(Collected data)
Lemma is_derive_RC_components (f : R -> C) t l :
  is_derive_RC f t l <->
  is_derive (fun u => fst (f u)) t (fst l) /\ is_derive (fun u => snd (f u)) t (snd l).
Proof.
  split.
  - intros Hf. split; eapply filterdiff_ext_lin.
    + apply (@filterdiff_comp R_AbsRing R_NormedModule C_R_NormedModule R_NormedModule
               _ _ f fst _ fst Hf), filterdiff_linear.
      apply (@is_linear_fst R_AbsRing R_NormedModule R_NormedModule).
    + reflexivity.
    + apply (@filterdiff_comp R_AbsRing R_NormedModule C_R_NormedModule R_NormedModule
               _ _ f snd _ snd Hf), filterdiff_linear.
      apply (@is_linear_snd R_AbsRing R_NormedModule R_NormedModule).
    + reflexivity.
  - intros [H1 H2].
    pose proof (@is_derive_scal_l R_AbsRing C_R_NormedModule _ t _ (RtoC 1) H1) as Hre.
    pose proof (@is_derive_scal_l R_AbsRing C_R_NormedModule _ t _ (0, 1) H2) as Him.
    pose proof (is_derive_plus _ _ t _ _ Hre Him) as Hsum.
    rewrite C_R_decompose in Hsum.
    exact (is_derive_ext _ f t l (fun u => C_R_decompose (f u)) Hsum).
Qed.

Ltac derive_value_by Hd :=
  lazymatch type of Hd with is_derive _ _ ?l =>
  lazymatch goal with |- is_derive _ _ ?l0 => replace l0 with l; [exact Hd|] end end.

Lemma is_derive_RC_mult (f g : R -> C) t a b :
  is_derive_RC f t a -> is_derive_RC g t b ->
  is_derive_RC (fun u => (f u * g u)%C) t (a * g t + f t * b)%C.
Proof.
  intros [F1 F2]%is_derive_RC_components [G1 G2]%is_derive_RC_components.
  apply is_derive_RC_components. split.
  - apply (is_derive_ext (fun u => minus (fst (f u) * fst (g u)) (snd (f u) * snd (g u)))).
    { reflexivity. }
    pose proof (is_derive_minus _ _ t _ _
      (Derive.is_derive_mult _ _ t _ _ F1 G1) (Derive.is_derive_mult _ _ t _ _ F2 G2)) as Hd.
    derive_value_by Hd. unfold minus, plus, opp. simpl. ring.
  - apply (is_derive_ext (fun u => plus (fst (f u) * snd (g u)) (snd (f u) * fst (g u)))).
    { reflexivity. }
    pose proof (is_derive_plus _ _ t _ _
      (Derive.is_derive_mult _ _ t _ _ F1 G2) (Derive.is_derive_mult _ _ t _ _ F2 G1)) as Hd.
    derive_value_by Hd. unfold plus. simpl. ring.
Qed.

End ComplexValuedFunctions.

Section Limits.

Context {T : Type} {F : (T -> Prop) -> Prop} {FF : Filter F}.

Lemma filterlim_sum_n_m {K : AbsRing} {V : NormedModule K}
  (f : nat -> T -> V) (l : nat -> V) a b :
  (forall i, (a <= i <= b)%nat -> filterlim (f i) F (locally (l i))) ->
  filterlim (fun x => sum_n_m (fun i => f i x) a b) F (locally (sum_n_m l a b)).
Proof.
  intros Hl. destruct (Nat.lt_ge_cases b a) as [Hlt|Hge].
  { rewrite sum_n_m_zero by exact Hlt.
    apply (filterlim_ext (fun _ => zero)); [intros; now rewrite sum_n_m_zero|].
    apply filterlim_const. }
  induction b as [|b IH].
  - assert (a = 0)%nat by lia. subst. rewrite sum_n_n.
    apply (filterlim_ext (f 0%nat)); [intros; now rewrite sum_n_n|]. apply Hl. lia.
  - destruct (Nat.eq_dec a (S b)) as [->|Hne].
    + rewrite sum_n_n. apply (filterlim_ext (f (S b))); [intros; now rewrite sum_n_n|].
      apply Hl. lia.
    + rewrite sum_n_Sm by lia.
      apply (filterlim_ext (fun x => plus (sum_n_m (fun i => f i x) a b) (f (S b) x))).
      { intros. now rewrite sum_n_Sm by lia. }
      eapply filterlim_comp_2; [apply IH|apply Hl|apply filterlim_plus]; intros;
        try apply Hl; lia.
Qed.

Lemma filterlim_C_components (f : T -> C) l :
  filterlim f F (locally l) <->
  filterlim (fun x => fst (f x)) F (locally (fst l))
  /\ filterlim (fun x => snd (f x)) F (locally (snd l)).
Proof.
  rewrite !filterlim_locally. split.
  - intros H. split; intros eps; generalize (H eps); apply filter_imp;
      intros x [Hx1 Hx2]; assumption.
  - intros [H1 H2] eps. generalize (filter_and _ _ (H1 eps) (H2 eps)).
    apply filter_imp. intros x Hx. exact Hx.
Qed.

Lemma filterlim_Cmult (f g : T -> C) a b :
  filterlim f F (locally a) -> filterlim g F (locally b) ->
  filterlim (fun x => (f x * g x)%C) F (locally (a * b)%C).
Proof.
  intros [F1 F2]%filterlim_C_components [G1 G2]%filterlim_C_components.
  assert (Hmult : forall (u v : T -> R) x y, filterlim u F (locally x) ->
    filterlim v F (locally y) -> filterlim (fun z => u z * v z) F (locally (x * y))).
  { intros u v x y Hu Hv. eapply filterlim_comp_2; [exact Hu|exact Hv|].
    apply (@filterlim_mult R_AbsRing). }
  assert (Hplus : forall (u v : T -> R) x y, filterlim u F (locally x) ->
    filterlim v F (locally y) -> filterlim (fun z => u z + v z) F (locally (x + y))).
  { intros u v x y Hu Hv. eapply filterlim_comp_2; [exact Hu|exact Hv|].
    apply (@filterlim_plus R_AbsRing R_NormedModule). }
  assert (Hopp : forall (u : T -> R) x, filterlim u F (locally x) ->
    filterlim (fun z => - u z) F (locally (- x))).
  { intros u x Hu. eapply filterlim_comp; [exact Hu|].
    apply (@filterlim_opp R_AbsRing R_NormedModule). }
  apply (proj2 (filterlim_C_components _ _)). split.
  - apply Hplus; [|apply Hopp]; apply Hmult; assumption.
  - apply Hplus; apply Hmult; assumption.
Qed.

End Limits.

Lemma is_derive_zero_const (h : R -> R) a b :
  0 < a <= b -> (forall u, 0 < u -> is_derive h u 0) -> h b = h a.
Proof.
  intros Hab Hd.
  destruct (MVT_gen h a b (fun _ => 0)) as [x [_ Hx]].
  - intros x Hx. rewrite Rmin_left in Hx by lra. apply Hd. lra.
  - intros x Hx. rewrite Rmin_left in Hx by lra.
    apply continuity_pt_filterlim, (ex_derive_continuous h).
    exists 0. apply Hd. lra.
  - lra.
Qed.

Lemma is_derive_RC_zero_const (L : R -> C) T : 0 <= T ->
  (forall u, 0 < u -> is_derive_RC L u (RtoC 0)) ->
  filterlim L (within (fun u => 0 <= u) (locally 0)) (locally (L 0)) ->
  L T = L 0.
Proof.
  intros HT Hd Hc. destruct (Req_dec T 0) as [->|HT0]; [reflexivity|].
  assert (Hconst : forall u, 0 < u <= T -> L T = L u).
  { intros u Hu. apply injective_projections.
    - apply (is_derive_zero_const (fun v => fst (L v))); [lra|].
      intros v Hv. exact (proj1 (proj1 (is_derive_RC_components L v _) (Hd v Hv))).
    - apply (is_derive_zero_const (fun v => snd (L v))); [lra|].
      intros v Hv. exact (proj2 (proj1 (is_derive_RC_components L v _) (Hd v Hv))). }
  apply (filterlim_locally_unique (F := at_right 0) L).
  - apply (filterlim_ext_loc (fun _ => L T)); [|apply filterlim_const].
    exists (mkposreal T ltac:(lra)). intros u Hu Hpos.
    apply Hconst. change (Rabs (u - 0) < T) in Hu. apply Rabs_def2 in Hu. lra.
  - eapply filterlim_filter_le_1; [|exact Hc].
    intros P HP. unfold at_right, within in *. revert HP. apply filter_imp.
    intros u HP Hu. apply HP. lra.
Qed.

Lemma upd_same (c : nat -> C) k : upd c k (c k) = c.
Proof.
  apply functional_extensionality. intros i. unfold upd.
  destruct (Nat.eqb_spec i k); congruence.
Qed.

Section ConservedQuantities.

Variables (n : nat) (p : nat -> R -> C) (c psi : nat -> R -> C).

Hypothesis Hc : forall k, (1 <= k <= n)%nat -> cont_on_nonneg (c k).
Hypothesis Hpsi : forall k, (1 <= k <= n)%nat -> cont_on_nonneg (psi k).
Hypothesis Hdc : forall k t, (1 <= k <= n)%nat -> 0 < t ->
  is_derive_RC (c k) t (Fk p k (fun i => c i t) t).
Hypothesis Hdpsi : forall k t, (1 <= k <= n)%nat -> 0 < t ->
  exists D : C,
    is_C_derive (fun z => Ham n p (upd (fun i => c i t) k z) (fun i => psi i t) t) (c k t) D
    /\ is_derive_RC (psi k) t (- D)%C.

Lemma is_derive_psi k t : (1 <= k <= n)%nat -> 0 < t ->
  is_derive_RC (psi k) t (- dHam p t n k (fun i => c i t) (fun i => psi i t))%C.
Proof.
  intros Hk Ht. destruct (Hdpsi k t Hk Ht) as [D [HD Hpsik]].
  pose proof (is_C_derive_Ham p t n (fun i => c i t) (fun i => psi i t) k (c k t)
    (proj1 Hk)) as HH.
  rewrite upd_same in HH.
  apply is_C_derive_unique in HD, HH. rewrite <- HH, HD. exact Hpsik.
Qed.

Lemma is_derive_ser j k t : (j <= k <= n)%nat -> 0 < t ->
  is_derive_RC (fun u => ser (fun i => c i u) (k - j)) t
    (Fk p (k - j) (fun i => c i t) t).
Proof.
  intros Hk Ht. destruct (k - j)%nat as [|q] eqn:Hq.
  - rewrite Fk_O. exact (@is_derive_const R_AbsRing C_R_NormedModule (RtoC 1) t).
  - apply Hdc; [lia|exact Ht].
Qed.

(* The [psi]-equation contributes [- sum_k gen_k dH/dc_k] and the [c]-equation
   [sum_k (k-j+1) F_(k-j) psi_k]; they cancel by [sum_gen_dHam]. *)
Lemma is_derive_Lj j t : (1 <= j <= n)%nat -> 0 < t ->
  is_derive_RC (fun u => Lj n j (fun i => c i u) (fun i => psi i u)) t (RtoC 0).
Proof.
  intros Hj Ht.
  replace (RtoC 0) with (sum_n_m (fun k =>
      (RtoC 0 * ser (fun i => c i t) (k - j)
       + RtoC (INR (k - j + 1)) * Fk p (k - j) (fun i => c i t) t) * psi k t
      + RtoC (INR (k - j + 1)) * ser (fun i => c i t) (k - j)
        * (- dHam p t n k (fun i => c i t) (fun i => psi i t)))%C j n).
  - apply (@is_derive_sum_n_m R_AbsRing C_R_NormedModule). intros k Hk.
    apply is_derive_RC_mult; [apply (is_derive_RC_mult (fun _ => RtoC (INR (k - j + 1))))|].
    + exact (@is_derive_const R_AbsRing C_R_NormedModule _ t).
    + apply is_derive_ser; [lia|exact Ht].
    + apply is_derive_psi; [lia|exact Ht].
  - rewrite (sum_n_m_ext_loc _ (fun k =>
        RtoC (INR (k - j + 1)) * Fk p (k - j) (fun i => c i t) t * psi k t
        + - (gen j (fun i => c i t) k * dHam p t n k (fun i => c i t) (fun i => psi i t)))%C)
      by (intros; unfold gen; Cring).
    rewrite sumC_plus, sumC_opp, sum_gen_dHam by lia. Cring.
Qed.

Lemma Lj_cont_on_nonneg j : (1 <= j <= n)%nat ->
  cont_on_nonneg (fun u => Lj n j (fun i => c i u) (fun i => psi i u)).
Proof.
  intros Hj t Ht. apply (@filterlim_sum_n_m _ _ _ R_AbsRing C_R_NormedModule).
  intros k Hk. apply filterlim_Cmult; [apply filterlim_Cmult|].
  - apply filterlim_const.
  - destruct (k - j)%nat as [|q] eqn:Hq; [exact (filterlim_const (RtoC 1))|].
    apply Hc; [lia|exact Ht].
  - apply Hpsi; [lia|exact Ht].
Qed.

End ConservedQuantities.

### BRIEF
Copy the stretch of the records above that runs from the line with "- apply (is_derive_ext (fun u => plus" through the line with "intros Hl. destruct". Both end lines belong in the copy, and nothing else does.

### FINAL ANSWER
  - apply (is_derive_ext (fun u => plus (fst (f u) * snd (g u)) (snd (f u) * fst (g u)))).
    { reflexivity. }
    pose proof (is_derive_plus _ _ t _ _
      (Derive.is_derive_mult _ _ t _ _ F1 G2) (Derive.is_derive_mult _ _ t _ _ F2 G1)) as Hd.
    derive_value_by Hd. unfold plus. simpl. ring.
Qed.

End ComplexValuedFunctions.

Section Limits.

Context {T : Type} {F : (T -> Prop) -> Prop} {FF : Filter F}.

Lemma filterlim_sum_n_m {K : AbsRing} {V : NormedModule K}
  (f : nat -> T -> V) (l : nat -> V) a b :
  (forall i, (a <= i <= b)%nat -> filterlim (f i) F (locally (l i))) ->
  filterlim (fun x => sum_n_m (fun i => f i x) a b) F (locally (sum_n_m l a b)).
Proof.
  intros Hl. destruct (Nat.lt_ge_cases b a) as [Hlt|Hge].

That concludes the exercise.